▶ **PROBLEM DESCRIPTION**
Look for the string "Implicit" in the data below, and copy each line that holds it.

▶ **Dataset entries**
Lemma exists_trim_threshold A b (N : R -> nat) : all (>= 0) b ->
  (forall t, card_ge A t <= count_ge t b + N t)%N ->
  exists X t0, [/\ X \subset A, {in X, forall x, t0 <= a x}, (#|X| <= N t0)%N &
                  \sum_(x in A :\: X) a x <= \sum_(y <- b) y].
Proof.
move=> b0 AbN.
have [X [sXA cX top sum]] := majorization_sum_le_trim b0 (card_ge_le_max_deficit A b).
have [A0 | An0] := eqVneq A set0.
  have X0 : X = set0 by apply/eqP; rewrite -subset0 -A0.
  by exists X, 0; split; rewrite // X0 ?cards0 // => x; rewrite inE.
have A_gt0 : (0 < #|A|)%N by rewrite card_gt0.
have [m mA Dm] := eq_bigmax_cond (fun m => card_ge A (a m) - count_ge (a m) b)%N A_gt0.
exists X, (a m); split=> //.
- by apply: top_ge_threshold top _; rewrite (leq_trans cX) // Dm leq_subr.
- by rewrite (leq_trans cX) // Dm leq_subLR.
Qed.

End Majorization.

Section Connectivity.
Variable V : finType.
Implicit Types (A B : {set {set V}}) (a b p q x y : V).

Lemma set2C x y : [set x; y] = [set y; x].
Proof. exact: setUC. Qed.

Lemma eq_set2 x y p q :
  [set x; y] = [set p; q] -> (x = p /\ y = q) \/ (x = q /\ y = p).
Proof.
move=> Exy; have: x \in [set p; q] by rewrite -Exy set21.
have: y \in [set p; q] by rewrite -Exy set22.
have: p \in [set x; y] by rewrite Exy set21.
have: q \in [set x; y] by rewrite Exy set22.
by do 4![case/set2P=> ?; subst]; auto.
Qed.

Lemma adjC A : symmetric (adj A).
Proof. by move=> x y; rewrite /adj eq_sym set2C. Qed.

Lemma connect_adjC A x y : connect (adj A) x y = connect (adj A) y x.
Proof. exact: (sym_connect_sym (@adjC A)). Qed.

Lemma edge_connect A x y : [set x; y] \in A -> connect (adj A) x y.
Proof.
have [-> _ | nxy xyA] := eqVneq x y; first exact: connect0.
by apply: connect1; rewrite /adj nxy.
Qed.

Lemma adj_sub A B : A \subset B -> subrel (adj A) (adj B).
Proof. by move=> sAB x y /andP[nxy /(subsetP sAB) xyB]; rewrite /adj nxy. Qed.

Lemma connect_adj_sub A B x y :
  A \subset B -> connect (adj A) x y -> connect (adj B) x y.
Proof. by move=> sAB; apply: connect_sub x y => u v /(adj_sub sAB)/connect1. Qed.

Lemma connect_setU1 A p q x y : connect (adj ([set p; q] |: A)) x y ->
  [\/ connect (adj A) x y,
      connect (adj A) x p /\ connect (adj A) q y |
      connect (adj A) x q /\ connect (adj A) p y].
Proof.
case/connectP=> s + ->; elim: s x => [|z s IH] x /=; first by move=> _; apply: Or31.
case/andP=> /andP[nxz]; rewrite in_setU1 => /orP[/eqP/eq_set2[[-> ->]|[-> ->]] | xzA].
- by case/IH=> [c|[_ c]|[_ c]]; [apply: Or32 | apply: Or32 | apply: Or31];
    rewrite ?connect0.
- by case/IH=> [c|[_ c]|[_ c]]; [apply: Or33 | apply: Or31 | apply: Or33];
    rewrite ?connect0.
have xz : connect (adj A) x z by apply: connect1; rewrite /adj nxz.
case/IH=> [c|[c1 c2]|[c1 c2]].
- by apply: Or31; apply: connect_trans c.
- by apply: Or32; split=> //; apply: connect_trans c1.
- by apply: Or33; split=> //; apply: connect_trans c1.
Qed.

Lemma connect_setU1_connected A p q x y : connect (adj A) p q ->
  connect (adj ([set p; q] |: A)) x y -> connect (adj A) x y.
Proof.
move=> pq /connect_setU1[//|[xp qy]|[xq py]].
- by apply: connect_trans qy; apply: connect_trans pq.
- by apply: connect_trans py; apply: connect_trans xq _; rewrite connect_adjC.
Qed.

Lemma connect_setU1_swap A a b p q : ~~ connect (adj A) a b ->
  connect (adj ([set p; q] |: A)) a b -> connect (adj ([set a; b] |: A)) p q.
Proof.
set A' := [set a; b] |: A.
have lift u v : connect (adj A) u v -> connect (adj A') v u.
  by rewrite connect_adjC; apply/connect_adj_sub/subsetUr.
have ab : connect (adj A') a b by apply: edge_connect; rewrite setU11.
move=> nab /connect_setU1[ab'|[ap qb]|[aq pb]]; first by rewrite ab' in nab.
- exact: connect_trans (connect_trans (lift _ _ ap) ab) (lift _ _ qb).
- rewrite connect_adjC.
  exact: connect_trans (connect_trans (lift _ _ aq) ab) (lift _ _ pb).
Qed.

Lemma connect_setU1_drop A B p q x y : A \subset B -> ~~ connect (adj B) p q ->
  connect (adj B) x y -> connect (adj ([set p; q] |: A)) x y -> connect (adj A) x y.
Proof.
move=> sAB npq xy /connect_setU1[//|[xp qy]|[xq py]]; case/negP: npq.
- rewrite connect_adjC in xp; rewrite connect_adjC in qy.
  exact: connect_trans (connect_trans (connect_adj_sub sAB xp) xy) (connect_adj_sub sAB qy).
- rewrite connect_adjC in xy.
  exact: connect_trans (connect_trans (connect_adj_sub sAB py) xy) (connect_adj_sub sAB xq).
Qed.

End Connectivity.

Section Forests.
Variable V : finType.
Implicit Types (A B : {set {set V}}) (p q x y : V).

Lemma forest_sub A B : A \subset B -> forest B -> forest A.
Proof.
move=> sAB fB [c [c3 uc cyc]]; apply: fB; exists c; split=> //.
exact: sub_cycle (adj_sub sAB) _ cyc.
Qed.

▶ **SOLUTION TO THIS PROBLEM**
Implicit Types (A B : {set {set V}}) (a b p q x y : V).
Implicit Types (A B : {set {set V}}) (p q x y : V).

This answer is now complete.